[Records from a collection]
Lemma nfinish_true L d j k : L%:Z - d%:Z = j - k%:Z ->
  (nfinish L d true)%:R = bin_at L.*2.+1 j k - 2 * bin_at L.*2 j k.+1.
Proof.
elim: L d j k => [|L IH] d j k hj.
  rewrite [bin_at 0 _ _]bin_at_neg ?mulr0 ?subr0; last lia.
  case: d hj => [|d] hj; last by rewrite bin_at_neg //; lia.
  by rewrite /bin_at -hj /= addn0 bin0.
rewrite natr_nfinishS doubleS !bin_atS; case: d hj => [|d] hj /=.
  rewrite (IH 1%N j k.+2) ?(IH 0%N j k.+1) ?(bin_atS, mul0r); try lia.
  (* reflection: C(2L, L + 1) = C(2L, L - 1) *)
  rewrite (@bin_at_sym L.*2 j k k.+2); last lia.
  ring.
rewrite (IH d.+2 j k.+2) ?(IH d j k) ?(IH d.+1 j k.+1) ?bin_atS; try lia.
ring.
Qed.

Lemma nfinish_false L d j k : L%:Z - d%:Z = j - k%:Z ->
  (nfinish L.+1 d.+1 false)%:R = bin_at L.*2.+2 j k - 2 * bin_at L.*2.+1 j k.+1.
Proof.
elim: L d j k => [|L IH] d j k hj.
  rewrite natr_nfinishS /= (@nfinish_true 0 d j k hj) !bin_atS.
  by rewrite [bin_at 0 j k.+1]bin_at_neg ?[bin_at 0 j k.+2]bin_at_neg; try ring; lia.
rewrite natr_nfinishS (IH d.+1 j k.+2) ?(IH d j k.+1) ?(@nfinish_true L.+1 d j k) /=;
  try lia.
rewrite doubleS !bin_atS; ring.
Qed.

Lemma topfinish_true L d j k : L%:Z - d%:Z = j - k%:Z ->
  (topfinish L.+1 d true)%:R = d%:R * bin_at L.*2.+1 j k.+1 + bin_at L.*2.+2 j k.+1
    - 2 * bin_at L.*2.+1 j k.+2 + bin_at L.*2 j k.+3.
Proof.
elim: L d j k => [|L IH] d j k hj.
  by rewrite natr_topfinishS /= !bin_at_neg; [ring | lia..].
rewrite natr_topfinishS doubleS; case: d hj => [|d] hj /=.
  rewrite (IH 1%N j k.+2) ?(@nfinish_true L.+1 1 j k.+1) ?(IH 0%N j k.+1); try lia.
  rewrite doubleS !bin_atS; ring.
rewrite (IH d.+2 j k.+2) ?(@nfinish_true L.+1 d.+2 j k.+1) ?(IH d j k) ?(IH d.+1 j k.+1);
  try lia.
rewrite doubleS !bin_atS; ring.
Qed.
Lemma sum_mps_inner T (P1 P2 : seq 'I_d -> 'M[C]_D) (xi : 'M[C]_D) :
  \sum_(k : 'I_D * 'I_D * T.-tuple 'I_d)
    conjc (\sum_s P1 k.2 k.1.2 s * xi k.1.1 s) * (\sum_s P2 k.2 k.1.2 s * xi k.1.1 s)
  = \sum_(ms : T.-tuple 'I_d) \tr (P2 ms *m redS xi *m adj (P1 ms)).
Proof.
rewrite -(pair_bigA _ (fun (ar : 'I_D * 'I_D) (ms : T.-tuple 'I_d) =>
  conjc (\sum_s P1 ms ar.2 s * xi ar.1 s) * (\sum_s P2 ms ar.2 s * xi ar.1 s))) /=.
rewrite exchange_big; apply: eq_bigr => ms _; rewrite -purification_inner.
by rewrite -(pair_bigA _ (fun a r =>
  conjc (\sum_s P1 ms r s * xi a s) * (\sum_s P2 ms r s * xi a s))).
Qed.

Lemma qfi_mps_state (Xf : R -> 'I_d -> 'M[C]_D) t dX (rho xi : 'M[C]_D) T :
  (forall m, is_derivemx t (Xf^~ m) (dX m)) ->
  \sum_m adj (Xf t m) *m Xf t m = 1%:M ->
  \sum_m adj (Xf t m) *m dX m = 0 ->
  chan (Xf t) rho = rho -> redS xi = rho ->
  qfi (@mps_state R D d T Xf xi) t = 4%:R * T%:R * \sum_m \tr (dX m *m rho *m adj (dX m)).
Proof.
move=> dXf X_iso X_gauge rho_fix xi_rho.
have dpsi k : dC (fun s => mps_state Xf xi s k) t
              = \sum_s dmxprod (Xf t) dX k.2 k.1.2 s * xi k.1.1 s.
  apply: is_deriveC_dC; apply: is_deriveC_sum => s _.
  have := is_deriveCM (is_derivemx_mxprod dXf k.2 k.1.2 s) (is_deriveC_cst t (xi k.1.1 s)).
  by rewrite mulr0 addr0.
rewrite /qfi; under eq_bigr do rewrite dpsi; under [X in `|X|]eq_bigr do rewrite dpsi.
rewrite !sum_mps_inner xi_rho sum_mxtrace_dmxprod //.
rewrite (sum_mxtrace_mul_adj (fun ms : T.-tuple 'I_d => mxprod (Xf t) ms) (dmxprod (Xf t) dX)).
by rewrite sum_adj_dmxprod_mxprod // mul0mx mxtrace0 normr0 expr0n subr0 mulrA.
Qed.
(* Let $q$ be a power of an odd prime, $n>3$ an odd integer with $\gcd(n,q-1)=1$, $\delta\in\mathbb{F}_{q^n}^*$ with $\delta\neq1$ and multiplicative order of $\delta$ dividing $q-1$, and $0<r<n$ an integer with $\gcd(r,n)=1$. Then $S(x)=x^q+\delta x^{q^{2r+1}}$ is a scattered polynomial of index $r+1$ over $\mathbb{F}_{q^n}$. Moreover, $S(x)$ is a scattered polynomial of index $t$ over $\mathbb{F}_{q^n}$ for each $t\in\{1,r+1,2r+1\}$.
   Context: For a polynomial $S\in\mathbb{F}_{q^n}[x]$ and a nonnegative integer $t$, $S$ is a scattered polynomial of index $t$ over $\mathbb{F}_{q^n}$ if for all $y,z\in\mathbb{F}_{q^n}^*$, $\frac{S(y)}{y^{q^t}}=\frac{S(z)}{z^{q^t}}$ implies $y/z\in\mathbb{F}_q$ (exponents $q^{e}$ are evaluated as maps on $\mathbb{F}_{q^n}$, so only $e \bmod n$ matters). *)

From HB Require Import structures.
From mathcomp Require Import all_boot all_order all_algebra all_field.
Set Implicit Arguments. Unset Strict Implicit. Unset Printing Implicit Defensive.
Import GRing.Theory.
Local Open Scope ring_scope.

(* L is meant to be F_{q^n} (a finite field with #|L| = q^n).
   The subfield F_q is {x | x^q = x}. q^e-th powers are the maps x |-> x^(q^e). *)

Definition scattered (L : finFieldType) (q t : nat) (S : {poly L}) : Prop :=
  forall y z : L, y != 0 -> z != 0 ->
    S.[y] / y ^+ (q ^ t) = S.[z] / z ^+ (q ^ t) ->
    (y / z) ^+ q = y / z.

From HB Require Import structures.
From mathcomp Require Import all_boot all_order all_algebra all_field.
From mathcomp Require Import ring.
Local Open Scope ring_scope.
Import GRing.Theory.
Set Implicit Arguments. Unset Strict Implicit.

(* Put a := y^q, b := z^q and s := x |-> x^(q^r), so that S(y) = a + delta s(s(a)).
   For the indices 1 and 2r+1 the equality of S(y)/y^(q^t) and S(z)/z^(q^t) says
   s^2(a)/a = s^2(b)/b, i.e. a/b is fixed by s^2; since gcd(2r, n) = 1, a/b lies
   in F_q, whence so does y/z. For the index r+1, w := a s(b) - b s(a) satisfies
   w = delta s(w), and iterating n times gives w = delta^n w. Now delta^n = 1
   together with delta^(q-1) = 1 and gcd(n, q-1) = 1 would force delta = 1, so
   w = 0: a/b is fixed by s and gcd(r, n) = 1 concludes as before. *)

Lemma iter_fixed_gcdn (T : Type) (f : T -> T) (x : T) m e : (0 < m)%N ->
  iter m f x = x -> iter e f x = x -> iter (gcdn m e) f x = x.
Proof.
move=> m_gt0 fix_m fix_e; have [km ke def _] := egcdnP e m_gt0.
have fix_mul j k : iter k f x = x -> iter (j * k) f x = x.
  by move=> fix_k; rewrite iterM iter_fix.
by rewrite -{2}(fix_mul km m fix_m) def addnC iterD fix_mul.
Qed.

Lemma iter_expr (R : pzSemiRingType) (x : R) q e :
  iter e (fun y => y ^+ q) x = x ^+ (q ^ e).
Proof. by elim: e => [|e IHe]; rewrite ?expr1 //= IHe expnSr exprM. Qed.

Lemma expr_coprime_eq1 (R : pzRingType) (x : R) m e : (0 < m)%N -> coprime m e ->
  x ^+ m = 1 -> x ^+ e = 1 -> x = 1.
Proof.
move=> m_gt0 co_me xm xe.
have := @iter_fixed_gcdn _ ( *%R x) 1 m e m_gt0.
by rewrite !iter_mulr_1 (eqP co_me) expr1; apply.
Qed.

Lemma exprq_fixed_coprime (R : pzSemiRingType) (u : R) q n e : (0 < n)%N ->
  coprime n e -> u ^+ (q ^ n) = u -> (u ^+ q) ^+ (q ^ e) = u ^+ q -> u ^+ q = u.
Proof.
move=> n_gt0 co_ne fix_n fix_e.
have fix_1 : iter (gcdn n e) (fun y => y ^+ q) (u ^+ q) = u ^+ q.
  apply: iter_fixed_gcdn; rewrite // !iter_expr //.
  by rewrite -exprM mulnC exprM fix_n.
rewrite (eqP co_ne) in fix_1.
by rewrite -{2}fix_n -iter_expr -(prednK n_gt0) iterSr iter_fix.
Qed.

Lemma exprB_pchar (R : comNzRingType) (x y : R) m :
  [pchar R].-nat m -> (x - y) ^+ m = x ^+ m - y ^+ m.
Proof. by move=> pchar_m; rewrite exprDn_pchar // exprNn_pchar. Qed.

Lemma twisted_frob_fixed (R : comPzSemiRingType) (c w : R) q n e :
  c ^+ (q ^ e) = c -> w ^+ (q ^ n) = w -> w = c * w ^+ (q ^ e) -> w = c ^+ n * w.
Proof.
move=> fix_c fix_w w_eq.
have iter_w j : w = c ^+ j * w ^+ (q ^ (e * j)).
  elim: j => [|j IHj]; first by rewrite mul1r muln0 expr1.
  rewrite {1}w_eq {1}IHj exprMn -exprM mulnC exprM fix_c -exprM -expnD.
  by rewrite mulnS addnC mulrA -exprS.
by rewrite {1}(iter_w n) -iter_expr iterM iter_fix // iter_expr.
Qed.

Lemma div_expr_fixed (F : fieldType) (a b : F) m : a != 0 -> b != 0 ->
  a ^+ m / a = b ^+ m / b -> (a / b) ^+ m = a / b.
Proof.
move=> a0 b0 /eqP; rewrite eqr_div // => /eqP eq_ab.
rewrite exprMn exprVn; apply/eqP; rewrite eqr_div ?expf_neq0 //.
by rewrite eq_ab mulrC.
Qed.

Lemma expr_expn_double_succ (R : pzSemiRingType) (x : R) q r :
  x ^+ (q ^ (2 * r + 1)) = (x ^+ q) ^+ (q ^ (r + r)).
Proof. by rewrite addn1 mul2n -addnn expnS exprM. Qed.

Section Scattered.
Variables (L : finFieldType) (q n r : nat) (delta : L).
Hypothesis n_gt0 : (0 < n)%N.
Hypothesis frob_n : forall x : L, x ^+ (q ^ n) = x.

Local Notation S := ('X^q + delta *: 'X^(q ^ (2 * r + 1)) : {poly L}).

Lemma hornerS y : S.[y] = y ^+ q + delta * (y ^+ q) ^+ (q ^ (r + r)).
Proof. by rewrite hornerD hornerZ !hornerXn expr_expn_double_succ. Qed.

Lemma exprq_div_fixed (y z : L) e : coprime n e -> y != 0 -> z != 0 ->
  (y ^+ q) ^+ (q ^ e) / y ^+ q = (z ^+ q) ^+ (q ^ e) / z ^+ q ->
  (y / z) ^+ q = y / z.
Proof.
move=> co_ne y0 z0 eq_yz.
apply: (exprq_fixed_coprime n_gt0 co_ne (frob_n _)).
by rewrite exprMn exprVn div_expr_fixed ?expf_neq0.
Qed.

Hypothesis n_odd : odd n.
Hypothesis co_rn : coprime r n.

Lemma coprime_n_double_r : coprime n (r + r).
Proof. by rewrite coprime_sym addnn -mul2n coprimeMl coprime2n n_odd co_rn. Qed.

Hypothesis delta_neq0 : delta != 0.

Lemma scattered_index1 : scattered q 1 S.
Proof.
move=> y z y0 z0; rewrite !hornerS expn1 => eq_S.
apply: (exprq_div_fixed coprime_n_double_r y0 z0); move: eq_S.
rewrite !mulrDl !divff ?expf_neq0 // => /addrI.
by rewrite -!mulrA => /(mulfI delta_neq0).
Qed.

Lemma scattered_index_double_r_succ : scattered q (2 * r + 1) S.
Proof.
move=> y z y0 z0; rewrite !hornerS !expr_expn_double_succ => eq_S.
apply: (exprq_div_fixed coprime_n_double_r y0 z0); move: eq_S.
rewrite !mulrDl !mulfK ?expf_neq0 // => /addIr /(congr1 GRing.inv).
by rewrite !invf_div.
Qed.

Hypothesis q_pchar : [pchar L].-nat q.
Hypothesis delta_fixed : delta ^+ q = delta.
Hypothesis delta_n : delta ^+ n != 1.

Lemma scattered_index_r_succ : scattered q r.+1 S.
Proof.
move=> y z y0 z0; rewrite !hornerS !expnS expnD !exprM.
set a := y ^+ q; set b := z ^+ q; set m := (q ^ r)%N => eq_S.
have a0 : a != 0 by rewrite expf_neq0.
have b0 : b != 0 by rewrite expf_neq0.
apply: (exprq_div_fixed (e := r) _ y0 z0); first by rewrite coprime_sym.
pose w := a * b ^+ m - b * a ^+ m.
have w_twisted : w = delta * w ^+ m.
  (* Clear denominators in eq_S, then use that x |-> x^m is additive. *)
  move/eqP: eq_S; rewrite eqr_div ?expf_neq0 // => /eqP cross.
  rewrite /w exprB_pchar ?pnatX ?q_pchar // !exprMn.
  apply/eqP; rewrite -subr_eq0; apply/eqP.
  by rewrite -[RHS](subrr ((b + delta * (b ^+ m) ^+ m) * a ^+ m)) -{1}cross; ring.
have delta_m : delta ^+ m = delta by rewrite -iter_expr iter_fix.
have w0 : w = 0.
  apply/eqP; apply: contraNT delta_n => w_neq0; apply/eqP/(mulIf w_neq0).
  by rewrite mul1r -(twisted_frob_fixed delta_m (frob_n w) w_twisted).
apply/eqP; rewrite eqr_div // mulrC [b ^+ m * a]mulrC eq_sym -subr_eq0.
by rewrite -/w w0.
Qed.

End Scattered.

Theorem mainTheorem13 (p k n r : nat) (L : finFieldType) (delta : L) :
  prime p -> odd p -> (0 < k)%N ->
  #|L| = ((p ^ k) ^ n)%N ->
  odd n -> (3 < n)%N -> coprime n (p ^ k).-1 ->
  delta != 0 -> delta != 1 -> delta ^+ (p ^ k).-1 = 1 ->
  (0 < r)%N -> (r < n)%N -> coprime r n ->
  let q := (p ^ k)%N in
  let S : {poly L} := 'X^q + delta *: 'X^(q ^ (2 * r + 1)) in
  scattered q r.+1 S /\
  (forall t : nat, t \in [:: 1%N; r.+1; (2 * r + 1)%N] -> scattered q t S).
Proof.
move=> p_prime _ _ cardL n_odd n_gt3 co_nq delta0 delta1 delta_q1 _ _ co_rn q S.
have n_gt0 : (0 < n)%N := leq_ltn_trans (leq0n 3) n_gt3.
have frob_n (x : L) : x ^+ (q ^ n) = x by rewrite -cardL expf_card.
have q_pchar : [pchar L].-nat q.
  have p_pchar : p \in [pchar L].
    by apply: (@card_finPcharP _ _ (k * n)); rewrite // cardL expnM.
  by rewrite (eq_pnat _ (pcharf_eq p_pchar)) pnatX pnat_id.
have delta_fixed : delta ^+ q = delta.
  by rewrite -(prednK (_ : 0 < q)%N) ?expn_gt0 ?prime_gt0 // exprS delta_q1 mulr1.
have delta_n : delta ^+ n != 1.
  apply: contra delta1 => /eqP delta_n1.
  by rewrite (expr_coprime_eq1 n_gt0 co_nq delta_n1 delta_q1).
have index_r_succ : scattered q r.+1 S :=
  scattered_index_r_succ n_gt0 frob_n co_rn q_pchar delta_fixed delta_n.
split=> // t; rewrite !inE => /or3P[] /eqP -> //.
  exact: scattered_index1 n_gt0 frob_n n_odd co_rn delta0.
exact: scattered_index_double_r_succ n_gt0 frob_n n_odd co_rn.
Qed.
Lemma limit_isotropic : (w *m C) *m G *m (w *m C)^T = 0.
Proof.
apply/matrixP => i l; rewrite [RHS]mxE; apply: vsmall_all_eq0 => j.
have [t [jt /mx_eqmod_decomp [R hR ->]]] := Uw j j.
rewrite mulmxDl -scalemxAl gram_expand U_gram.
rewrite -(subnKC jt) exprD -scale_scalar_mx -scalerDr.
set D := _ + _; have hD : integral_mx D.
  apply: integral_mxD; first exact/integral_mx_scalar/vring_piX.
  by do ![apply: integral_mxD|apply: integral_mxZ; first exact: vring_piX|exact: gram_integral].
by rewrite mxE; apply/vsmall_piX; exists (D i l).
Qed.

Lemma limit_row_free : \rank (w *m C) = n.
Proof.
apply/eqP; change (row_free (w *m C)); rewrite -kermx_eq0.
apply/rowV0P => a /sub_kermxP aY.
have [//|a0] := eqVneq a 0; exfalso.
have [c [i0 [ha a1]]] := primitive_multiple a0.
have : (c *: a) *m (w *m C) = 0 by rewrite -scalemxAl aY scaler0.
move: (c *: a) ha a1 => a' ha' a'1 a'Y.
have [t [_ /mx_eqmod_decomp [R hR ew]]] := Uw 1 0.
have : a' *m (U t *m C) = pi *: (- (a' *m R) *m C).
  move: a'Y; rewrite ew mulmxDl mulmxDr -scalemxAl -scalemxAr expr1 => /eqP.
  by rewrite addr_eq0 => /eqP ->; rewrite mulNmx scalerN mulmxA.
have hz := lattice_mul C (integral_mxN (integral_mxM ha' hR)).
case/(U_saturated ha' hz) => b hb /rowP/(_ i0); rewrite a'1 mxE => e.
by have := pi_mul_neq1 (hb 0 i0); rewrite -e eqxx.
Qed.

End IsotropicLimit.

*ASSIGNMENT*
Find the lines in the entries above where "expnD" occurs, and copy each of them.

*SOLVED EXERCISE*
  rewrite {1}w_eq {1}IHj exprMn -exprM mulnC exprM fix_c -exprM -expnD.
move=> y z y0 z0; rewrite !hornerS !expnS expnD !exprM.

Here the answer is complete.